Millicent Marcus appointed Sarai Ribicoff Professor of Italian Studies

Marcus specializes in Italian culture from the interdisciplinary perspectives of literature, history, and film.
Millicent Marcus
Millicent Marcus

Millicent Marcus, a scholar who specializes in Italian culture from the interdisciplinary perspectives of literature, history, and film, was recently appointed the Sarai Ribicoff Professor of Italian Studies, effective immediately.

She is a member of the Faculty of Arts and Sciences (FAS) in the Department of Italian Studies.

In her work, Marcus advances a multi-media approach to literacy in the 21st century. Bringing a cultural studies approach to her teaching and research, she has broadened literary studies to include the mass media as well as the written text. Her six books reflect the breadth of her intellect and influence. “An Allegory of Form: Literary Self-Consciousness in the Decameron,” (Stanford French and Italian Studies, 1979), established her as a significant thinker in Italian literary studies. Her subsequent books, “Italian Film in the Light of Neorealism” (Princeton, 1986), winner of the Modern Language Association’s Howard Marraro Prize; “Filmmaking by the Book: Italian Cinema and Literary Adaptation” (Johns Hopkins, 1993), which received American Association of Italian Studies’ Presidential Award; “After Fellini: National Cinema in the Postmodern Age” (Johns Hopkins, 2002), winner of the Premio Flaiano; and “Italian Film in the Shadow of Auschwitz” (University of Toronto, 2007), shed new light on the historical, cultural, and political import of Italian film, with particular attention to Italian filmmaking in the context of the Holocaust, a topic on which Marcus is a leading authority.

Marcus is one of few scholars in the English-speaking world who writes on the history of Italian film from the postwar to the post-modern period, and her work — including her books and her dozens of papers in journals ranging from Italica to Romance Languages Annual to Italian Quarterly — has shaped the study of Italian film.

In her forthcoming book, “Italian Film in the Present Tense,” scheduled for publication in March 2023 from the University of Toronto Press, Marcus highlights Italian cinema’s new sources of industrial strength, its re-placement of the Rome-centered studio system with regional film commissions, its contemporary breakthroughs on the aesthetic front, and its vital engagement with the changing economic and socio-political circumstances in 21st-century Italian life through case studies that provide new insight on canonical works and introduce understudied films to new audiences. In addition to this work, she continues to pursue new avenues of inquiry: her recent papers have incorporated research from neuroscience to give new insight to the function of film, and in her teaching, she is developing new courses in environmental humanities.

Marcus is also a sought-after lecturer and commentator. She regularly speaks at film events for the general public, and in recent years has delivered keynote addresses at the University of Tel Aviv, the National Gallery of Art, Rutgers University, Johns Hopkins University, the University of Southern California, and other institutions. She is a former Guggenheim Fellow and has held additional awards and fellowships from the Getty Center, the American Council of Learned Societies, and the Rockefeller Foundation.

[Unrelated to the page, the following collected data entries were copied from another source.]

Variables (K : fieldType) (n : nat) (V : lmodType K).
Variables (u : 'I_n -> V -> V) (S : {set 'I_n}).
Hypothesis u_lin : forall i, linear (u i).

Definition ksign (J : {set 'I_n}) (i : 'I_n) : K :=
  (-1) ^+ #|[set k in J | (k < i)%N]|.

Lemma ksign_sqr (J : {set 'I_n}) (i : 'I_n) : ksign J i * ksign J i = 1.
Proof. by rewrite -exprD addnn -mul2n exprM sqrrN !expr1n. Qed.

Lemma ksign_setU1 (J : {set 'I_n}) (x i : 'I_n) : x \notin J ->
  ksign (x |: J) i = (if (x < i)%N then -1 else 1) * ksign J i.
Proof.
move=> xJ; rewrite /ksign; case: ifP => xi.
  have -> : [set k in x |: J | (k < i)%N] = x |: [set k in J | (k < i)%N].
    by apply/setP => k; rewrite !inE; case: eqP => // ->; rewrite xi.
  by rewrite cardsU1 !inE (negbTE xJ) exprS.
have -> : [set k in x |: J | (k < i)%N] = [set k in J | (k < i)%N].
  by apply/setP => k; rewrite !inE; case: eqP => // ->; rewrite xi (negbTE xJ).
by rewrite mul1r.
Qed.

Lemma ksign_swap (J : {set 'I_n}) (i j : 'I_n) : i \in J -> j \notin J ->
  ksign J j * ksign (j |: (J :\ i)) i = - (ksign (J :\ i) i * ksign (J :\ i) j).
Proof.
move=> iJ jJ; have ij : i != j by apply: contraNneq jJ => <-.
have iJi : i \notin J :\ i by rewrite !inE eqxx.
have jJi : j \notin J :\ i by rewrite !inE (negbTE jJ) andbF.
rewrite -{1}(setD1K iJ) !ksign_setU1 //.
case: (ltngtP i j) => [_|_|/val_inj eij]; last by rewrite eij eqxx in ij.
  by rewrite !(mulN1r, mul1r, mulNr, mulrN) mulrC.
by rewrite !(mulN1r, mul1r, mulNr, mulrN) mulrC.
Qed.

Lemma kdiffZD a f g J :
  kdiff u S (fun I => a *: f I + g I) J = a *: kdiff u S f J + kdiff u S g J.
Proof.
rewrite /kdiff scaler_sumr -big_split; apply: eq_bigr => i _.
by rewrite u_lin scalerDr !scalerA mulrC.
Qed.

Lemma eq_kboundary nu f f' :
  f =1 f' -> kboundary u S nu f -> kboundary u S nu f'.
Proof. by move=> eqf [g [g_supp fE]]; exists g; split => // J; rewrite -eqf. Qed.

Lemma kboundary0 nu : kboundary u S nu (fun _ => 0).
Proof.
exists (fun _ => 0); split=> [I|J]; first by rewrite eqxx.
by rewrite /kdiff big1 // => i _; rewrite linf0 ?scaler0.
Qed.

Lemma kboundaryZD nu a f g :
  kboundary u S nu f -> kboundary u S nu g ->
  kboundary u S nu (fun I => a *: f I + g I).
Proof.
move=> [f' [f'_supp fE]] [g' [g'_supp gE]].
exists (fun I => a *: f' I + g' I); split=> [I|J]; last by rewrite kdiffZD fE gE.
case: (eqVneq (f' I) 0) => [f'I0 | /f'_supp //].
by rewrite f'I0 scaler0 add0r => /g'_supp.
Qed.

Definition kchain_map (T : {set 'I_n} -> V -> V) :=
  forall J i v, i \in S :\: J -> T J (u i v) = u i (T (i |: J) v).

Section ChainMaps.

Variable T : {set 'I_n} -> V -> V.
Hypotheses (T_lin : forall J, linear (T J)) (T_chain : kchain_map T).

Lemma kdiff_map f J : kdiff u S (fun I => T I (f I)) J = T J (kdiff u S f J).
Proof.
rewrite /kdiff linf_sum //; apply: eq_bigr => i iSJ.
by rewrite linfZ // T_chain.
Qed.

Lemma kcycle_map nu f : kcycle u S nu f -> kcycle u S nu (fun I => T I (f I)).
Proof.
move=> [f_supp f_closed]; split=> [I TfI | J]; last by rewrite kdiff_map f_closed linf0.
by apply: f_supp; apply: contraNneq TfI => ->; rewrite linf0.
Qed.

Lemma kboundary_map nu f :
  kboundary u S nu f -> kboundary u S nu (fun I => T I (f I)).
Proof.
move=> [g [g_supp fE]]; exists (fun I => T I (g I)); split=> [I TgI | J].
  by apply: g_supp; apply: contraNneq TgI => ->; rewrite linf0.
by rewrite kdiff_map fE.
Qed.

End ChainMaps.

Lemma kchain_map_degree_shift (E : V -> V) (du : 'I_n -> int) (d : int) :
  (forall i v, i \in S -> E (u i v) = u i (E v) + (du i)%:~R *: u i v) ->
  kchain_map (fun J v => E v - (d - \sum_(i in J) du i)%:~R *: v).
Proof.
move=> Eu J i v; rewrite inE => /andP [iJ iS].
rewrite Eu // (linfB (u_lin i)) (linfZ (u_lin i)) big_setU1 //= -addrA.
by congr (_ + _); rewrite -scalerBl -intrB -scaleNr -intrN; congr (_%:~R *: _); ring.
Qed.

Lemma kchain_map_const_shift (E : V -> V) (c : K) :
  (forall i v, i \in S -> E (u i v) = u i (E v)) ->
  kchain_map (fun _ v => E v - c *: v).
Proof.
move=> Eu J i v; rewrite inE => /andP [_ iS].
by rewrite Eu // (linfB (u_lin i)) (linfZ (u_lin i)).
Qed.

Section Contraction.

Variable w : 'I_n -> V -> V.
Hypothesis w_lin : forall i, linear (w i).
Hypothesis w_u_comm :
  forall i j v, i \in S -> j \in S -> i != j -> w i (u j v) = u j (w i v).

Definition khomotopy (g : {set 'I_n} -> V) (I : {set 'I_n}) : V :=
  \sum_(i in I :&: S) ksign (I :\ i) i *: w i (g (I :\ i)).

Definition kcontraction (J : {set 'I_n}) (v : V) : V :=
  \sum_(i in S :\: J) u i (w i v) + \sum_(i in J :&: S) w i (u i v).

Lemma kdiff_khomotopy g J :
  kdiff u S (khomotopy g) J = \sum_(j in S :\: J) u j (w j (g J)) +
    \sum_(j in S :\: J) \sum_(i in J :&: S)
      (ksign J j * ksign (j |: (J :\ i)) i) *: u j (w i (g (j |: (J :\ i)))).
Proof.
rewrite /kdiff -big_split; apply: eq_bigr => j; rewrite inE => /andP [jJ jS].
rewrite /khomotopy (bigD1 j) /=; last by rewrite !inE eqxx jS.
rewrite setU1K // linfD // linfZ // scalerDr scalerA ksign_sqr scale1r.
congr (_ + _); rewrite linf_sum // scaler_sumr.
apply: eq_big => [i | i /andP [_ ij]]; last by rewrite setU1D1 // linfZ // scalerA.
by rewrite !inE; case: (i =P j) => [->|_] /=; rewrite ?(negbTE jJ) ?andbF ?andbT.
Qed.

Lemma khomotopy_kdiff g J :
  khomotopy (kdiff u S g) J = \sum_(i in J :&: S) w i (u i (g J)) +
    \sum_(i in J :&: S) \sum_(j in S :\: J)
      (ksign (J :\ i) i * ksign (J :\ i) j) *: w i (u j (g (j |: (J :\ i)))).
Proof.
rewrite /khomotopy -big_split; apply: eq_bigr => i; rewrite inE => /andP [iJ iS].
rewrite /kdiff (bigD1 i) /=; last by rewrite !inE eqxx iS andbT.
rewrite setD1K // linfD // linfZ // scalerDr scalerA ksign_sqr scale1r.
congr (_ + _); rewrite linf_sum // scaler_sumr.
apply: eq_big => [j | j _]; last by rewrite linfZ // scalerA.
by rewrite !inE; case: (j =P i) => [->|_] /=; rewrite ?iJ ?andbF ?andbT.
Qed.

(* The cross terms of [d h + h d] cancel by [ksign_swap]. *)
Lemma kdiff_khomotopyD g J :
  kdiff u S (khomotopy g) J + khomotopy (kdiff u S g) J = kcontraction J (g J).
Proof.
rewrite kdiff_khomotopy khomotopy_kdiff addrACA -[RHS]addr0; congr (_ + _).
rewrite [X in _ + X]exchange_big -big_split big1 // => j /[!inE] /andP [jJ jS].
rewrite -big_split big1 // => i /[!inE] /andP [iJ iS].
have ij : i != j by apply: contraNneq jJ => <-.
by rewrite ksign_swap // w_u_comm // scaleNr; apply: addNr.
Qed.

Lemma khomotopy_support nu f I :
  kcochain S nu f -> khomotopy f I != 0 -> (I \subset S) /\ (#|I| + nu = #|S|.+1)%N.
Proof.
move=> f_supp nz.
have [i /[!inE] /andP [iI iS] /f_supp [sub card_eq]] :
    exists2 i, i \in I :&: S & f (I :\ i) != 0.
  apply/exists_inP; apply: contraNT nz => /exists_inPn f0.
  by apply/eqP/big1 => i /f0 /negPn/eqP ->; rewrite linf0 ?scaler0.
split; last by rewrite (cardsD1 i I) iI add1n addSn card_eq.
apply/subsetP => k kI; case: (k =P i) => [-> // | /eqP ki].
by apply: (subsetP sub); rewrite !inE ki.
Qed.
Lemma sesqZr c u v : sesq A u (fun z => c * v z) = c * sesq A u v.
Proof.
rewrite /sesq mulr_sumr; apply: eq_bigr => x _; rewrite mulr_sumr.
by apply: eq_bigr => y _; rewrite mulrCA mulrA [c * _]mulrC -!mulrA.
Qed.

Lemma sesq_deltal x v : sesq A (delta x) v = \sum_y A x y * v y.
Proof.
rewrite /sesq (big_only1 x) // => [|z /negbTE zx _]; last first.
  by apply: big1 => y _; rewrite /delta zx conjC0 !mul0r.
by apply: eq_bigr => y _; rewrite /delta eqxx conjC1 mul1r.
Qed.

Lemma sesq_deltar u y : sesq A u (delta y) = \sum_x (u x)^* * A x y.
Proof.
rewrite /sesq; apply: eq_bigr => x _; rewrite (big_only1 y) //.
  by rewrite /delta eqxx mulr1.
by move=> z /negbTE zy _; rewrite /delta zy mulr0.
Qed.

Lemma sesq_delta x y : sesq A (delta x) (delta y) = A x y.
Proof.
rewrite sesq_deltal (big_only1 y) /delta ?eqxx ?mulr1 // => z /negbTE -> _.
by rewrite mulr0.
Qed.

Lemma sesq_delta2 x y c :
  sesq A (fun z => delta x z + c * delta y z) (fun z => delta x z + c * delta y z) =
  A x x + c * A x y + c^* * A y x + c^* * c * A y y.
Proof. by rewrite sesqDl !sesqDr !sesqZl !sesqZr !sesq_delta; ring. Qed.

End SesqLinear.

Section Positive.
Variables (T : finType) (A : op C T).
Hypothesis psdA : psd A.

Lemma psd_diag_ge0 x : 0 <= A x x.
Proof. by rewrite -sesq_delta; apply: psd_sesq_ge0. Qed.

Lemma psd_diag_real x : (A x x)^* = A x x.
Proof. exact/ge0_conj/psd_diag_ge0. Qed.
Lemma marginal_cost_full l : marginal_cost (~: N1) l = hhat0 beta P0 P1 h0 h1 l.
Proof.
have full i : i \in ~: N1 :|: N1 by rewrite !inE orNb.
have V_bellman i : V (~: N1) i = h1 i + beta * \sum_(k < m) P1 i k * V (~: N1) k.
  have := disc_op_vS (~: N1) i; rewrite full /disc_op => <-.
  by under eq_bigr do rewrite polPE full; rewrite subrK.
have [P1_ge0 P1_row1] : (forall i k, 0 <= P1 i k) /\ (forall i, \sum_(k < m) P1 i k = 1).
  by case: rb => _ P_ge0 P_row1 _ _; split=> [i k | i]; [case: (P_ge0 i k) | case: (P_row1 i)].
have V_col : (1%:M - beta *: P1) *m (\col_i V (~: N1) i) = \col_i h1 i.
  rewrite mulmxBl mul1mx -scalemxAl; apply/matrixP => i k.
  rewrite (ord1 k) !mxE; under [X in _ - _ * X]eq_bigr do rewrite mxE.
  by rewrite (V_bellman i) addrK.
rewrite /hhat0 /= -V_col -mulmxA mulKmx ?(discount_unitmx beta01) //.
rewrite mulmxBl mul1mx -scalemxAl !mxE /marginal_cost (V_bellman l).
under [X in _ = _ - (_ - _ * X)]eq_bigr do rewrite mxE.
by rewrite (eq_bigr _ (fun k _ => mulrBl _ _ _)) sumrB; ring.
Qed.

End Bandit.

Lemma Sk0 m (N01 : {set 'I_m}) (pi : nat -> 'I_m) : Sk N01 pi 0 = N01.
Proof. by rewrite /Sk big_ord0 finset.setD0. Qed.

Lemma SkS m (N01 : {set 'I_m}) (pi : nat -> 'I_m) k :
  Sk N01 pi k.+1 = Sk N01 pi k :\ pi k.
Proof. by rewrite /Sk big_ord_recr finset.setDDl. Qed.

Lemma Sk_subset m (N01 : {set 'I_m}) (pi : nat -> 'I_m) k k' :
  (k <= k')%N -> Sk N01 pi k' \subset Sk N01 pi k.
Proof.
move/subnK <-; elim: (k' - k)%N => [|d IHd]; first by rewrite add0n.
by rewrite addSn SkS; apply: fintype.subset_trans IHd; apply: subD1set.
Qed.
Theorem proposition8 :
  (* (1) *)
  (exists (S : finType) (R : langset S) (Rg : lang S),
      alphabet S /\ rational_set R /\ regular Rg /\ ~ rational_set (pw_inter R Rg))
  /\
  (* (2) *)
  (forall (S : finType) (R : langset S) (Rg : lang S),
      alphabet S -> rational_set R -> finite_langset R -> regular Rg ->
      rational_set (pw_inter R Rg) /\ finite_langset (pw_inter R Rg))
  /\
  (* (3) *)
  (exists (S D : finType) (phi : D -> lang S) (K : lang D) (Rg : lang S),
      alphabet S /\ alphabet D /\ reg_subst phi /\ reg_plus K /\
      finite_langset (pres_set K phi) /\ regular Rg /\
      ~ (exists K' : lang D, reg_plus K' /\
           is_presented K' phi (pw_inter (pres_set K phi) Rg))).
Proof.
have alphabet_unit : alphabet unit by rewrite /alphabet card_unit.
split.
  exists bool, letter_powers, ab_star.
  split; first by rewrite /alphabet card_bool.
  split; first exact: rational_letter_powers.
  by split; [exact: regular_ab_star | exact: not_rational_pw_inter_letter_powers].
split=> [S R Rg _|]; first exact: pw_inter_finite_rational.
exists unit, unit, (@letter_subst unit unit), (fun w => size w = 1), (fun _ => False).
do 2!split=> //.
split; first exact: regular_letter_subst.
split; first by split; [exact: regular_size | by case].
split; first exact: finite_pres_set_letter.
by split; [exact: regular_empty | exact: pw_inter_empty_not_presented].
Qed.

A faculty member at Yale since 2005, Marcus chaired her department from 2016 to 2020, and currently serves as Director of Graduate Studies. In that role, she is developing curricular innovations to help prepare the current generation of graduate students for post-degree success. Marcus’s teaching at Yale bridges film and literature; her classes include the popular course “Spotlight on Sicily in Literature and Film,” graduate and undergraduate courses on Italian postwar film, reading courses on “The Decameron” and other texts, and graduate seminars on film and the environment.

She earned a B.A. from Cornell and her Ph.D. from Yale.